Stephanie Pederson, garden coordinator at Borton, 700 E. 22nd St., said the school was ecologically minded to start, and each student at Borton gets access to the garden.
“Sometimes in schools it’s always this task, a paper and pencil task at hand, then that’s over, where out here the learning is always happening in a multitude of ways,” Pederson said. “Failure is real out in the garden ... and then we can do it different, and that’s a beautiful thing.”
Classes work garden tasks like weeding and planting, but they also conduct experiments that align with Arizona’s teaching standards. This year, fourth-graders worked on Arizona history by using creosote oil to make lotions, and on weather by making observations in the garden.
“We installed a weather station, an official one, on top of a portable, and students made their own barometers and little weather stations,” Pederson said. “Now we’re working on information panels on how to communicate what we’ve learned.”
While each class applies learning in different ways in the garden, every student learns about nutrition. Pederson said she often uses the eggs from the chickens and garden produce to cook healthy meals in classrooms, as the garden is certified by the Arizona State Department of Health.

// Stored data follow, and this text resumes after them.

(* In the setting of the context, suppose that $\rho:=\rho_{\mathcal A_\nu,\mathcal S_{\log},\pi_{\log}}$ is quasi-convex and lower semicontinuous with respect to $\tau_{\log}$. Then for all $X\in\mathcal C$, $$\eta_{\mathfrak R}(X)=\sup_{\varphi\in\mathcal D}\ \inf\big\{\pi(Z):\ Z\in\mathcal S,\ W\in\mathcal B_{\tilde\rho},\ \varphi(W)\ge\varphi(X)-\varphi(Z)\big\},$$ where $\mathcal D$ is the set of all log-linear $\tau$-continuous maps $\varphi\colon\mathcal C\to\mathbb R$ (and $\inf\emptyset=\infty$).
   Context: Probability space $(\Omega,\mathcal F,P)$; $L^0_{++}$ = a.s. strictly positive random variables; $L^\infty_{++}=L^\infty\cap L^0_{++}$; $\frac{\mathcal A}{\mathcal D}=\{AD^{-1}\}$. Setting: nonempty $\mathcal C,\mathcal S,\mathcal K\subset L^0_{++}$ with $\frac{\mathcal C}{\mathcal S}\subset\mathcal K$, $\mathcal K$ a cone, $(\mathcal C,\cdot)$ a group, and (so that all expressions are defined) $\mathcal K\subset\mathcal C$ and $\mathcal S\subset\mathcal C$; pricing map $\pi\colon\mathcal S\to(0,\infty)$. $\mathcal C_{\log},\mathcal S_{\log},\mathcal K_{\log}$ are the images under $\log$. $\mathcal C_{\log}$ is equipped with a topology $\tau_{\log}$ making it a locally convex topological vector space; $\mathcal C$ carries $\tau=\{\exp(U):U\in\tau_{\log}\}$. A map $\varphi\colon\mathcal C\to\mathbb R$ is log-linear if $\varphi(X^\alpha Y^\beta)=\alpha\varphi(X)+\beta\varphi(Y)$ for $X,Y\in\mathcal C$, $\alpha,\beta\in\mathbb R$; the log-linear $\tau$-continuous maps are exactly $\psi\circ\log$ with $\psi$ in the topological dual of $\mathcal C_{\log}$. A return risk measure (RRM), with $L^\infty_{++}\subset\mathcal K$, is a positively homogeneous nondecreasing $\tilde\rho\colon\mathcal K\to(0,\infty)$ with $\tilde\rho(1)=1$; $\mathcal B_{\tilde\rho}=\{K\in\mathcal K:\tilde\rho(K)\le1\}$; $\mathfrak R=(\mathcal B_{\tilde\rho},\mathcal S,\pi)$; MARRM $\eta_{\mathfrak R}(X)=\inf\{\pi(Z):Z\in\mathcal S,\ X/Z\in\mathcal B_{\tilde\rho}\}$. Further $\nu=\log\circ\tilde\rho\circ\exp$, $\mathcal A_\nu=\{Y\in\mathcal K_{\log}:\nu(Y)\le0\}$, $\pi_{\log}=\log\circ\pi\circ\exp$ on $\mathcal S_{\log}$, and $\rho_{\mathcal A_\nu,\mathcal S_{\log},\pi_{\log}}(X_{\log})=\inf\{\pi_{\log}(L):L\in\mathcal S_{\log},\ X_{\log}-L\in\mathcal A_\nu\}$ on $\mathcal C_{\log}$. Quasi-convex: $\rho(\alpha Y_1+(1-\alpha)Y_2)\le\max\{\rho(Y_1),\rho(Y_2)\}$. Conventions $\exp(-\infty)=0$, $\exp(\infty)=\infty$. *)

From HB Require Import structures.
From mathcomp Require Import all_boot all_order all_algebra generic_quotient.
From mathcomp Require Import all_classical all_reals all_analysis.
Set Implicit Arguments. Unset Strict Implicit. Unset Printing Implicit Defensive.
Import Order.TTheory GRing.Theory Num.Theory.
Import numFieldNormedType.Exports.
Local Open Scope classical_set_scope.
Local Open Scope quotient_scope.
Local Open Scope ring_scope.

“Continuing to foster the love of the outdoors is really what is on my agenda,” Pederson said. “I just want them to love to be out here and not be afraid of it.”
For Challenger Middle School teacher Veronica Huizar, the school’s gardens are a place to build pride and community.
“It’s kind of like the kids own (the garden),” Huizar said. “We grow what they want to grow and it gets them to eat their vegetables too, because they’re like, ‘I grew that. I want to taste it.’”
The garden is managed by Huizar’s Student Wellness Advocacy Team class, with support from the UA interns. The SWAT students come out nearly every day to pull weeds, water and clean up the garden. The SWAT class also helps create a healthier lunchroom, harvesting the food they grow and putting on taste-testing events.
“They enjoy it, anything that gets them out of the classroom,” Huizar said. “You should see them the days we don’t go out.”
Huizar is working her way down a list of projects at Challenger, 100 E. Elvira Road, in the Sunnyside Unified School District, from putting up a pergola she was able to purchase with a grant to finishing a small greenhouse.
“My hope is that more classes can come out here and enjoy it too, and build community not just with my classes but the campus community,” Huizar said.
At Borton, Pederson has big dreams for the garden program, from integrating academics more deeply into the garden to getting a greenhouse. She said overall, she feels lucky that her school values the garden program.
“It’s not like there’s extra money coming from somewhere” Pederson said. “It’s a choice in how our school and our families choose to spend the money.”